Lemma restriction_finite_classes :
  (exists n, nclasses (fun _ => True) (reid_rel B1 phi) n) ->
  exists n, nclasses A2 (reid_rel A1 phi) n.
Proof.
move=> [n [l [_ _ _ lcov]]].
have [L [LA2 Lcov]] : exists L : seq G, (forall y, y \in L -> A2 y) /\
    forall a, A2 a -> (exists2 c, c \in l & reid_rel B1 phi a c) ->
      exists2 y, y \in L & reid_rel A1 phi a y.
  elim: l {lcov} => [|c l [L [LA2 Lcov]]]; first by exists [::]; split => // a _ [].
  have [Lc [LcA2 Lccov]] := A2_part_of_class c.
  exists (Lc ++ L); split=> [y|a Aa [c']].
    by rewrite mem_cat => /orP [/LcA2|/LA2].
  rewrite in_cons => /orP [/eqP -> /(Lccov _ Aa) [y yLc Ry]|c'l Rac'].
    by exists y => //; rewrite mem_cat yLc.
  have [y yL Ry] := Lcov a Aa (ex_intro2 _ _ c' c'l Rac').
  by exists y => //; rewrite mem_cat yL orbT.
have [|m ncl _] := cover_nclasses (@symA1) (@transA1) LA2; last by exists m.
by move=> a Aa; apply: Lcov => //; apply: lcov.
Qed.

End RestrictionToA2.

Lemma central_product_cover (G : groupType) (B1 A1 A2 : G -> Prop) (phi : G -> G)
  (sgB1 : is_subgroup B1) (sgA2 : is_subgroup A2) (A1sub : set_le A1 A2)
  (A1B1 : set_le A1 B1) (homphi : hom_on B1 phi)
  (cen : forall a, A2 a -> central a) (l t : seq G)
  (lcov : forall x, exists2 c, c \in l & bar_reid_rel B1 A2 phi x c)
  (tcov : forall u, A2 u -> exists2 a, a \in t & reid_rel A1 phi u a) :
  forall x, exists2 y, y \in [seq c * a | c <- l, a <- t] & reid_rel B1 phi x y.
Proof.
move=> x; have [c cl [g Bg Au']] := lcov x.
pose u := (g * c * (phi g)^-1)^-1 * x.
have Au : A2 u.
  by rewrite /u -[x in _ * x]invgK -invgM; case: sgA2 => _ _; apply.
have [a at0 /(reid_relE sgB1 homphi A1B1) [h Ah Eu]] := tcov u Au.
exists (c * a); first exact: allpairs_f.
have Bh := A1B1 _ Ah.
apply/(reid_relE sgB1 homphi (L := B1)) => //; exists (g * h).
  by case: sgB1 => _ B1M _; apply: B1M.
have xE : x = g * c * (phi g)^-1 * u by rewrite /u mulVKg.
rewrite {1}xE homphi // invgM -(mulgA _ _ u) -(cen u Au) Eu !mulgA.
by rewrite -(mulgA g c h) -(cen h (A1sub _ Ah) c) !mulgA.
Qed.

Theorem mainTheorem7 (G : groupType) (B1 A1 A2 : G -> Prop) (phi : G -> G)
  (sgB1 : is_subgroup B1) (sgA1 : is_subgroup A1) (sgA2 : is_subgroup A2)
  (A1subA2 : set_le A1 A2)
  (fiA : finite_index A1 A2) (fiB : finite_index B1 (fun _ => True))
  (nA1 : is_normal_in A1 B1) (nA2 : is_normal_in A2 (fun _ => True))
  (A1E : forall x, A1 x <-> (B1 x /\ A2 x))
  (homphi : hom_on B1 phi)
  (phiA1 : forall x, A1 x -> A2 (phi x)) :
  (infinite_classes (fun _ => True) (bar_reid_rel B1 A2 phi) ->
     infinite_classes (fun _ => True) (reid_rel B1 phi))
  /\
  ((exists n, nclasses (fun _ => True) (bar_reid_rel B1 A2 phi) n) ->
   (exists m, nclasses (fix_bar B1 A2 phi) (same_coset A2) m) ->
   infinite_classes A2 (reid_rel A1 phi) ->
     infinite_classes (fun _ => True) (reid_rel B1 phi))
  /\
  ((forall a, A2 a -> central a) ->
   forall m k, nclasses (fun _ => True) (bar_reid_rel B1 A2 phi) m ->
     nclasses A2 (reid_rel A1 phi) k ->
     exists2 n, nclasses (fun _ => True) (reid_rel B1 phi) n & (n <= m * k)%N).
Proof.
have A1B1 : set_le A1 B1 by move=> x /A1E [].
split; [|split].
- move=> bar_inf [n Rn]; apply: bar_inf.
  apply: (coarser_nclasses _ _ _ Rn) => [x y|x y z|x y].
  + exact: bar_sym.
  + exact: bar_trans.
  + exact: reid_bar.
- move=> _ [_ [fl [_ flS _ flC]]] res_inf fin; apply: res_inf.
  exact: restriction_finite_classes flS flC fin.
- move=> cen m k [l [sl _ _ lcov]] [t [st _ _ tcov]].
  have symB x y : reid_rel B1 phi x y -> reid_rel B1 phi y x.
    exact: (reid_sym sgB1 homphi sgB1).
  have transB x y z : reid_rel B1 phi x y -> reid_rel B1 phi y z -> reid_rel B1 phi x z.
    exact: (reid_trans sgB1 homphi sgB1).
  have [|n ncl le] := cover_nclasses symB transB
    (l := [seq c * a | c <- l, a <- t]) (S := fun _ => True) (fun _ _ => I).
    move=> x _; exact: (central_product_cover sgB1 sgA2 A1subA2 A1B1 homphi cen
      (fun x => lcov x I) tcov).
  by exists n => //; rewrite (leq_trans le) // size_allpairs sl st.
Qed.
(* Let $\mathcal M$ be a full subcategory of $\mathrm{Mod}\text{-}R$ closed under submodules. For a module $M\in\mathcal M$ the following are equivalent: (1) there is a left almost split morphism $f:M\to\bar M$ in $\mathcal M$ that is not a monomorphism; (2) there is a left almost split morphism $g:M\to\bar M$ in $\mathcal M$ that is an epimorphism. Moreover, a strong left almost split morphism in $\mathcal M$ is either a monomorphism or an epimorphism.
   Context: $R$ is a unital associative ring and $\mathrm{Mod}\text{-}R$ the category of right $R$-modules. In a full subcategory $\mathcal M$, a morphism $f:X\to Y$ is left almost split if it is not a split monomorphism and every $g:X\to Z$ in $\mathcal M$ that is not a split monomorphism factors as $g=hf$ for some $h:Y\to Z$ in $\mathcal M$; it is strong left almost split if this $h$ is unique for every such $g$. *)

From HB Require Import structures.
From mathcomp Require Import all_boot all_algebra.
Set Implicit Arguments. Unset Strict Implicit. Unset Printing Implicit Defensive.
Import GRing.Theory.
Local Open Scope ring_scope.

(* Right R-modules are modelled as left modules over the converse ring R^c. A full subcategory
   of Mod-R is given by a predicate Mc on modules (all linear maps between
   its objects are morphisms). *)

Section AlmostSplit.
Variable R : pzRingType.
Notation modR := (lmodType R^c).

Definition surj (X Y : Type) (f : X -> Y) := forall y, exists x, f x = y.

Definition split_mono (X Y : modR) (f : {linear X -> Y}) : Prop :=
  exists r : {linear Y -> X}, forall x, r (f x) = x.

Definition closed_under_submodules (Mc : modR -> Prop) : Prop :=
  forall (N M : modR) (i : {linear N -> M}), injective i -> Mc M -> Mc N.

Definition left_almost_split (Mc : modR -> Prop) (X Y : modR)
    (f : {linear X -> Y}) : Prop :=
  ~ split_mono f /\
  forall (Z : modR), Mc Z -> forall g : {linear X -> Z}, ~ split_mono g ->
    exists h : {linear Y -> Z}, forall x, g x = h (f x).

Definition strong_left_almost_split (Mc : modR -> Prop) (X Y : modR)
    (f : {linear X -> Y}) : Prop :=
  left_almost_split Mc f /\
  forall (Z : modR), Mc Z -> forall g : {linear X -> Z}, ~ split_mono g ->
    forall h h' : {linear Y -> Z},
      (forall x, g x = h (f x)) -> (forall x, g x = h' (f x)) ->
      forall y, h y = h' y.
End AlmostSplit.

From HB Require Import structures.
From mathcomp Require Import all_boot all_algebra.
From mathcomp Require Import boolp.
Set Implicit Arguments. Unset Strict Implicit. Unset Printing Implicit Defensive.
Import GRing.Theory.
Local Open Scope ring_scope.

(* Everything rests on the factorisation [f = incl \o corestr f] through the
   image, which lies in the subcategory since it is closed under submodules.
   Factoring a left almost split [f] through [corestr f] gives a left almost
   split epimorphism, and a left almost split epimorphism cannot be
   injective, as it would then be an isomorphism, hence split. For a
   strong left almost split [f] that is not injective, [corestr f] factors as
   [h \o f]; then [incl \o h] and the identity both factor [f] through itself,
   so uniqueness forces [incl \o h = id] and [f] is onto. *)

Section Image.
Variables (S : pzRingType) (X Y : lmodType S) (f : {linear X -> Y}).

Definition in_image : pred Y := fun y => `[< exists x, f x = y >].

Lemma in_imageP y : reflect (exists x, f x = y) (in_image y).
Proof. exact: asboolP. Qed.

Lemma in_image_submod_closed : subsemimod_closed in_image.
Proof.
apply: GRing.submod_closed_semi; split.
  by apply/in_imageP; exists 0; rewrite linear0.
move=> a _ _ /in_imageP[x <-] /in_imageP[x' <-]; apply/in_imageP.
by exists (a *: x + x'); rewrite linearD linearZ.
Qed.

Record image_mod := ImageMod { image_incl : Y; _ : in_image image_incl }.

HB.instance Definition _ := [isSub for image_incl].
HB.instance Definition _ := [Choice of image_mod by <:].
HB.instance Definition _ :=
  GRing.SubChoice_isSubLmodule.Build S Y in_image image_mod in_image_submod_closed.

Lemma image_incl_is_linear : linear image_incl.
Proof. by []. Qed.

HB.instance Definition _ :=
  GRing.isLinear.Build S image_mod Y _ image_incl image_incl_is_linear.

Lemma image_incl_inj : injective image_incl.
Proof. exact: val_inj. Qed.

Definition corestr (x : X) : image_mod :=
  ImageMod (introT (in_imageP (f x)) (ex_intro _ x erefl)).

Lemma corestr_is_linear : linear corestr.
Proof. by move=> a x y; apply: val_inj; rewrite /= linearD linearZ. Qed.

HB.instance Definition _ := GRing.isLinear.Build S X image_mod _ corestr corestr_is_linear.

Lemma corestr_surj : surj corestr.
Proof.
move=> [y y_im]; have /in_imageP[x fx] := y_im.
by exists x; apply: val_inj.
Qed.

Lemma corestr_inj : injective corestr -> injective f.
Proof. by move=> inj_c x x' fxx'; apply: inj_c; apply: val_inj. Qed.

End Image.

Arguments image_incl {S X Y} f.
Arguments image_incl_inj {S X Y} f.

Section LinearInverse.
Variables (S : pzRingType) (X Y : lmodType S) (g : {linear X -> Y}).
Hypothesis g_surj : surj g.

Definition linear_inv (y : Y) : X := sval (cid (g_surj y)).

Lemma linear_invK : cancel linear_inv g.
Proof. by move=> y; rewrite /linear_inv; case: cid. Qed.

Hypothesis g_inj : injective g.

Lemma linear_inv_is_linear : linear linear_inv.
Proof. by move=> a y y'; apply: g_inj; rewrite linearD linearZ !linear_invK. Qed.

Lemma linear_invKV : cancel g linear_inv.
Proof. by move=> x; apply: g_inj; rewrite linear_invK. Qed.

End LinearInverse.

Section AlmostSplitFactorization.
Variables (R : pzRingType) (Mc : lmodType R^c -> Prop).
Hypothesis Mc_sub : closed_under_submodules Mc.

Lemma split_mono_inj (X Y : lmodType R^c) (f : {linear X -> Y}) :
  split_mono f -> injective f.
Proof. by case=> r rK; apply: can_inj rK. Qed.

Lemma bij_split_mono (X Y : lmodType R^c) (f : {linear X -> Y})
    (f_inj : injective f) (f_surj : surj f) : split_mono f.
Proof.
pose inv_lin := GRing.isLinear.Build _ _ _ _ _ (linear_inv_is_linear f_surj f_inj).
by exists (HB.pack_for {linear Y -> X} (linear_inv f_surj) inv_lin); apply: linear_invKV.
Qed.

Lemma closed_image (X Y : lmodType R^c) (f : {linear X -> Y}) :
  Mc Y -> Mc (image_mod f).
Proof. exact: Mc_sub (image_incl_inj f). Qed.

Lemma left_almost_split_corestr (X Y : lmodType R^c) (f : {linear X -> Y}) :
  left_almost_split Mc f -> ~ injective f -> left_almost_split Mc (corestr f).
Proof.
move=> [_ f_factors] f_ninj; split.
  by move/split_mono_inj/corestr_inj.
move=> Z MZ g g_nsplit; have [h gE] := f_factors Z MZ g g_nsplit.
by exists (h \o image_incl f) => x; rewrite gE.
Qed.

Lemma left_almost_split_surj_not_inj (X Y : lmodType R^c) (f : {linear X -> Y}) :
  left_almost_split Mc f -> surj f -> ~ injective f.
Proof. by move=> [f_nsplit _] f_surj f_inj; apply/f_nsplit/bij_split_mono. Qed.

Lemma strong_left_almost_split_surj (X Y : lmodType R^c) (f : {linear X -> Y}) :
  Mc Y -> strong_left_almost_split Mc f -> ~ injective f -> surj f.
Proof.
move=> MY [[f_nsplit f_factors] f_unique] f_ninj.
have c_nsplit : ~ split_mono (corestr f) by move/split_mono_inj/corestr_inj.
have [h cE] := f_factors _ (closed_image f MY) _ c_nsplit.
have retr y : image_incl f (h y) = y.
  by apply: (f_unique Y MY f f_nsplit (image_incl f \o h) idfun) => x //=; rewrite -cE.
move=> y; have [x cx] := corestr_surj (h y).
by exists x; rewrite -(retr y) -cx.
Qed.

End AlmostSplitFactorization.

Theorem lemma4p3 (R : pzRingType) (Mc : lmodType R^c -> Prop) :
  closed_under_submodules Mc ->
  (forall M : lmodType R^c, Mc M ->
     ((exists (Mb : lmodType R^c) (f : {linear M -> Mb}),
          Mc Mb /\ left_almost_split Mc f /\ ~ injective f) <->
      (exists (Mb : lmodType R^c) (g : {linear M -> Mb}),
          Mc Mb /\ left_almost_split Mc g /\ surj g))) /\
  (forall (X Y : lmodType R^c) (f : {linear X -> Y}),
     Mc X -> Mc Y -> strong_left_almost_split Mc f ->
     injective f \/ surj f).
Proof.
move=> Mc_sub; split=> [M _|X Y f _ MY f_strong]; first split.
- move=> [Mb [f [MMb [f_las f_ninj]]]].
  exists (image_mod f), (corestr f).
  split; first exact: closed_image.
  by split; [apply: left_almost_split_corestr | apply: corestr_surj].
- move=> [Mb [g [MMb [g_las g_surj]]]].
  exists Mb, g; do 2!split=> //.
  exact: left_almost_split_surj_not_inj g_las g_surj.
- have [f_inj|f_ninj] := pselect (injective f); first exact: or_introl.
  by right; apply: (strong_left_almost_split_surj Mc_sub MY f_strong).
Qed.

----

▶ [TASK BRIEF] If a line in the records has the word "Variables", copy that line.

▶ [TASK OUTPUT]
Variables (S : pzRingType) (X Y : lmodType S) (f : {linear X -> Y}).
Variables (S : pzRingType) (X Y : lmodType S) (g : {linear X -> Y}).
Variables (R : pzRingType) (Mc : lmodType R^c -> Prop).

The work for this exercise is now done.